- Task requirements
From the entries below, transcribe exactly the lines between the line holding "[ffun k : pindex" and the line holding "From Stdlib Require List.", inclusive; skip all other lines.

---------------

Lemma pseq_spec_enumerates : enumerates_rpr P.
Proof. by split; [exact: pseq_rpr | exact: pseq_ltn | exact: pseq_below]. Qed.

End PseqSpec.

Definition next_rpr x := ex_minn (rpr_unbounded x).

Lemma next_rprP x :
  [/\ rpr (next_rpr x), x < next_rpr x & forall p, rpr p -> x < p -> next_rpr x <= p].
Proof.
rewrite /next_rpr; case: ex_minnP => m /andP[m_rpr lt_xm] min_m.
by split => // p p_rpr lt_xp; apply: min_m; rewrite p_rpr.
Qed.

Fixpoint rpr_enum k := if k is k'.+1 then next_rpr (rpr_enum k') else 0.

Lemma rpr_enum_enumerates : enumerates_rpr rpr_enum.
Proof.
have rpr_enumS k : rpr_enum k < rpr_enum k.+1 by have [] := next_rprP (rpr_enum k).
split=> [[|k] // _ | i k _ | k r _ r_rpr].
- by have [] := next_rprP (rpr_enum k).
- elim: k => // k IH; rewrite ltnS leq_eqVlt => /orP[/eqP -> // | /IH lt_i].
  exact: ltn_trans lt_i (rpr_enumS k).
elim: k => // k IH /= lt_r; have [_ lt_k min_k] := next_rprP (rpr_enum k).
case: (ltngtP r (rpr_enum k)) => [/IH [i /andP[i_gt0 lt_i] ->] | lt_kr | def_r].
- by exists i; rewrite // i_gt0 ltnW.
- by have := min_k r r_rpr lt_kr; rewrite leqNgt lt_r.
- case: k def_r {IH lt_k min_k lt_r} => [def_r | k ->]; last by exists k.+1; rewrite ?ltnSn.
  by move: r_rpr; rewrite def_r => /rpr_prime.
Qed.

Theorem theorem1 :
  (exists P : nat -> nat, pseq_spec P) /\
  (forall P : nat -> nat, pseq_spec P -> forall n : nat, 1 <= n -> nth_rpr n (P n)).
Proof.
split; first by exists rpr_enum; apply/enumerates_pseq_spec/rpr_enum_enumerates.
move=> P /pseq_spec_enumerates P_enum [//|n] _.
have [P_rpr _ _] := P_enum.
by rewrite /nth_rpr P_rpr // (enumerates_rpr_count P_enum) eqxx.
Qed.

---------------

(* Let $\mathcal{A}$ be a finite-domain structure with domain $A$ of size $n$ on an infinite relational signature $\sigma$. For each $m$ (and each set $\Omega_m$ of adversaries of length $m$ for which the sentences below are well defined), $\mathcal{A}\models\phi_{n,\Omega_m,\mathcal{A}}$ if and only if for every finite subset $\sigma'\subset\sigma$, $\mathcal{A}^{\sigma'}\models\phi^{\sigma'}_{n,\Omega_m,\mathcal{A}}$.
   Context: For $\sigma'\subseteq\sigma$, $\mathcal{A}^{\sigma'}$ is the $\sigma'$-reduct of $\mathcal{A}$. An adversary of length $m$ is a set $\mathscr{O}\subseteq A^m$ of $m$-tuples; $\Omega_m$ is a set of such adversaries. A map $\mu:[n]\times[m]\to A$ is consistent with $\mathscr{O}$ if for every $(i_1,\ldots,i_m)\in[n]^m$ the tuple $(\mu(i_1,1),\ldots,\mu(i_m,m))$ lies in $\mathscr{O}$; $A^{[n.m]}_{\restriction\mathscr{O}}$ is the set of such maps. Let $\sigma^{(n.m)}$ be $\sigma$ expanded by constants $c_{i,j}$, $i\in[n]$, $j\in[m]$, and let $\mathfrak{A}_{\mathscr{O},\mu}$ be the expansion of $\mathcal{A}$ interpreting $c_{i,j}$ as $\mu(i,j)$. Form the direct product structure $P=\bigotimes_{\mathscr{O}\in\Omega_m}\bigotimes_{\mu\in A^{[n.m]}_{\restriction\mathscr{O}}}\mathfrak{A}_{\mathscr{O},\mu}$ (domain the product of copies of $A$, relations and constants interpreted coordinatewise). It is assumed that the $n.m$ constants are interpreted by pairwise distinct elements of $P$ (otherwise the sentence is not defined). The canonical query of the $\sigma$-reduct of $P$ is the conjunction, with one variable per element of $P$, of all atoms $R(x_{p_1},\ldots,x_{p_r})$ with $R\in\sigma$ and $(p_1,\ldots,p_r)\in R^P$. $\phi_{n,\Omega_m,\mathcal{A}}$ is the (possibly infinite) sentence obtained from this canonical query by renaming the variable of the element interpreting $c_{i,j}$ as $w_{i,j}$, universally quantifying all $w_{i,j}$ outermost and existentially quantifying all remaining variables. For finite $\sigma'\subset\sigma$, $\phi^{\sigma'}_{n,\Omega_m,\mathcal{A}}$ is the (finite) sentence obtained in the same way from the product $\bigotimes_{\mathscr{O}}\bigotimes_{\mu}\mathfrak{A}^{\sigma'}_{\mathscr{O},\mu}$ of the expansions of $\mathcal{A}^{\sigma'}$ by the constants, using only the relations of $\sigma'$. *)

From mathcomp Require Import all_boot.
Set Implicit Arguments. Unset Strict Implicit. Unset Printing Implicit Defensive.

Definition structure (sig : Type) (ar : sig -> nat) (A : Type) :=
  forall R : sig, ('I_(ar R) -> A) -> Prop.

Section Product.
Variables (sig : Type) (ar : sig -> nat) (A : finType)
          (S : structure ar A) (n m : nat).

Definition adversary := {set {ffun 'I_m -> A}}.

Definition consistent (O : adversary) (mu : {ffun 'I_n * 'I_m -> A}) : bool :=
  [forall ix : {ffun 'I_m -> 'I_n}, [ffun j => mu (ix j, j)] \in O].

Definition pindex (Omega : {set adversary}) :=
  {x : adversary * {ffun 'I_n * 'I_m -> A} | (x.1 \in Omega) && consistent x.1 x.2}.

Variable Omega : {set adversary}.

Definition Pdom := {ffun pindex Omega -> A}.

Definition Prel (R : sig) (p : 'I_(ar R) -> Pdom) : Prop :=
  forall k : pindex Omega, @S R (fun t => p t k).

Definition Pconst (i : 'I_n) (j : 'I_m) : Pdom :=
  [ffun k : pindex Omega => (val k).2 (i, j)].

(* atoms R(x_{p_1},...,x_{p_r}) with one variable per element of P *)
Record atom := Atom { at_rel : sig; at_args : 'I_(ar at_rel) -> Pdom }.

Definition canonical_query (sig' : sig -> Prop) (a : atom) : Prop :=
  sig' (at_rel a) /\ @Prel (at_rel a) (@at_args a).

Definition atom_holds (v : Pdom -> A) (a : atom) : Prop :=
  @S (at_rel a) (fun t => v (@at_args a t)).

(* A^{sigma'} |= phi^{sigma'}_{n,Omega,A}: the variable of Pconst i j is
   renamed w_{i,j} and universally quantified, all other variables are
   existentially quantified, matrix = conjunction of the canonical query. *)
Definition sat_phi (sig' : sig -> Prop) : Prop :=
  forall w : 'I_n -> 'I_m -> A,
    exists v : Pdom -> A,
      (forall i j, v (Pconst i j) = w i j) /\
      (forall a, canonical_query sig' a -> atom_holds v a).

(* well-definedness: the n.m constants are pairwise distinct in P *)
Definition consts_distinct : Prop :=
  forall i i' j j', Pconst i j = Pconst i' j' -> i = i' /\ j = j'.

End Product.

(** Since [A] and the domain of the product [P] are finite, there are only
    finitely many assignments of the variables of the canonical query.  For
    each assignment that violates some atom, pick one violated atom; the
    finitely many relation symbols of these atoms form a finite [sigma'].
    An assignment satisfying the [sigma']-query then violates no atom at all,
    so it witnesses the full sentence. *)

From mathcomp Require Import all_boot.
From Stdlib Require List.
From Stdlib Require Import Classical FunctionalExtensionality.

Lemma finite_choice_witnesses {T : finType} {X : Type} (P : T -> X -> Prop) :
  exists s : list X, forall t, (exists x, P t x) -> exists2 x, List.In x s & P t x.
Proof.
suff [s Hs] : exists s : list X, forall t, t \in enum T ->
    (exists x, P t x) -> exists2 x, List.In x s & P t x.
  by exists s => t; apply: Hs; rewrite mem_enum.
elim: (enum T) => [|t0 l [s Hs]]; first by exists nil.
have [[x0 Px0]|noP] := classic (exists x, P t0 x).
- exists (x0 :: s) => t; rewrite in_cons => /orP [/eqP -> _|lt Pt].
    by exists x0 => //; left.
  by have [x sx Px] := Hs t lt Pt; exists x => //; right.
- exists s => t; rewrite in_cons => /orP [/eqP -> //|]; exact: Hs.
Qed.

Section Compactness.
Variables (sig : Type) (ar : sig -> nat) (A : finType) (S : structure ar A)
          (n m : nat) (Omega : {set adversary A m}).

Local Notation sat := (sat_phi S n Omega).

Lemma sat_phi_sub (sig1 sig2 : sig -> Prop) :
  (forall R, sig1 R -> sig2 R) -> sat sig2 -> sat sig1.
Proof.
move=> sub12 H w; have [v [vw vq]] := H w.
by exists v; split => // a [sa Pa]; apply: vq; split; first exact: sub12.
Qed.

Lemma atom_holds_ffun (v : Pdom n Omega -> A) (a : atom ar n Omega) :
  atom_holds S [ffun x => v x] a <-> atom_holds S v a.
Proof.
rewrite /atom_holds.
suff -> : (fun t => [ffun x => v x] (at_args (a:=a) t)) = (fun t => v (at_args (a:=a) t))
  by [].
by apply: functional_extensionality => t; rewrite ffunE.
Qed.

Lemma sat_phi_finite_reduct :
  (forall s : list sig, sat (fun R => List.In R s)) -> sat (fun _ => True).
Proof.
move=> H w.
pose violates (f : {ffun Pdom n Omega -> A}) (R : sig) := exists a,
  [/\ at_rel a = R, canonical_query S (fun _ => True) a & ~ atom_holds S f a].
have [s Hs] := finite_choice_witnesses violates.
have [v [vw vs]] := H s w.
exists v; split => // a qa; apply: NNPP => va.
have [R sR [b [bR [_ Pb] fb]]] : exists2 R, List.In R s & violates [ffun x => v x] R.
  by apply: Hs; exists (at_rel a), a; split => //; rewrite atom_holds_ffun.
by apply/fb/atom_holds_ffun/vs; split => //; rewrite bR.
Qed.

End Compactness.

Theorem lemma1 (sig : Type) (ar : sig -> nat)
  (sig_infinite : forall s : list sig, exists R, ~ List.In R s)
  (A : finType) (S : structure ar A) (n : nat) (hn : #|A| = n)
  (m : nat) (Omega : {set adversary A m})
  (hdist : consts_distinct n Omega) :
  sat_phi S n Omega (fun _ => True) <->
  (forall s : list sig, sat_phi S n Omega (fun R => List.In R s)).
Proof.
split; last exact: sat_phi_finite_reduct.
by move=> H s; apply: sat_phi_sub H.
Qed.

---------------

- Answer to this task
  [ffun k : pindex Omega => (val k).2 (i, j)].

(* atoms R(x_{p_1},...,x_{p_r}) with one variable per element of P *)
Record atom := Atom { at_rel : sig; at_args : 'I_(ar at_rel) -> Pdom }.

Definition canonical_query (sig' : sig -> Prop) (a : atom) : Prop :=
  sig' (at_rel a) /\ @Prel (at_rel a) (@at_args a).

Definition atom_holds (v : Pdom -> A) (a : atom) : Prop :=
  @S (at_rel a) (fun t => v (@at_args a t)).

(* A^{sigma'} |= phi^{sigma'}_{n,Omega,A}: the variable of Pconst i j is
   renamed w_{i,j} and universally quantified, all other variables are
   existentially quantified, matrix = conjunction of the canonical query. *)
Definition sat_phi (sig' : sig -> Prop) : Prop :=
  forall w : 'I_n -> 'I_m -> A,
    exists v : Pdom -> A,
      (forall i j, v (Pconst i j) = w i j) /\
      (forall a, canonical_query sig' a -> atom_holds v a).

(* well-definedness: the n.m constants are pairwise distinct in P *)
Definition consts_distinct : Prop :=
  forall i i' j j', Pconst i j = Pconst i' j' -> i = i' /\ j = j'.

End Product.

(** Since [A] and the domain of the product [P] are finite, there are only
    finitely many assignments of the variables of the canonical query.  For
    each assignment that violates some atom, pick one violated atom; the
    finitely many relation symbols of these atoms form a finite [sigma'].
    An assignment satisfying the [sigma']-query then violates no atom at all,
    so it witnesses the full sentence. *)

From mathcomp Require Import all_boot.
From Stdlib Require List.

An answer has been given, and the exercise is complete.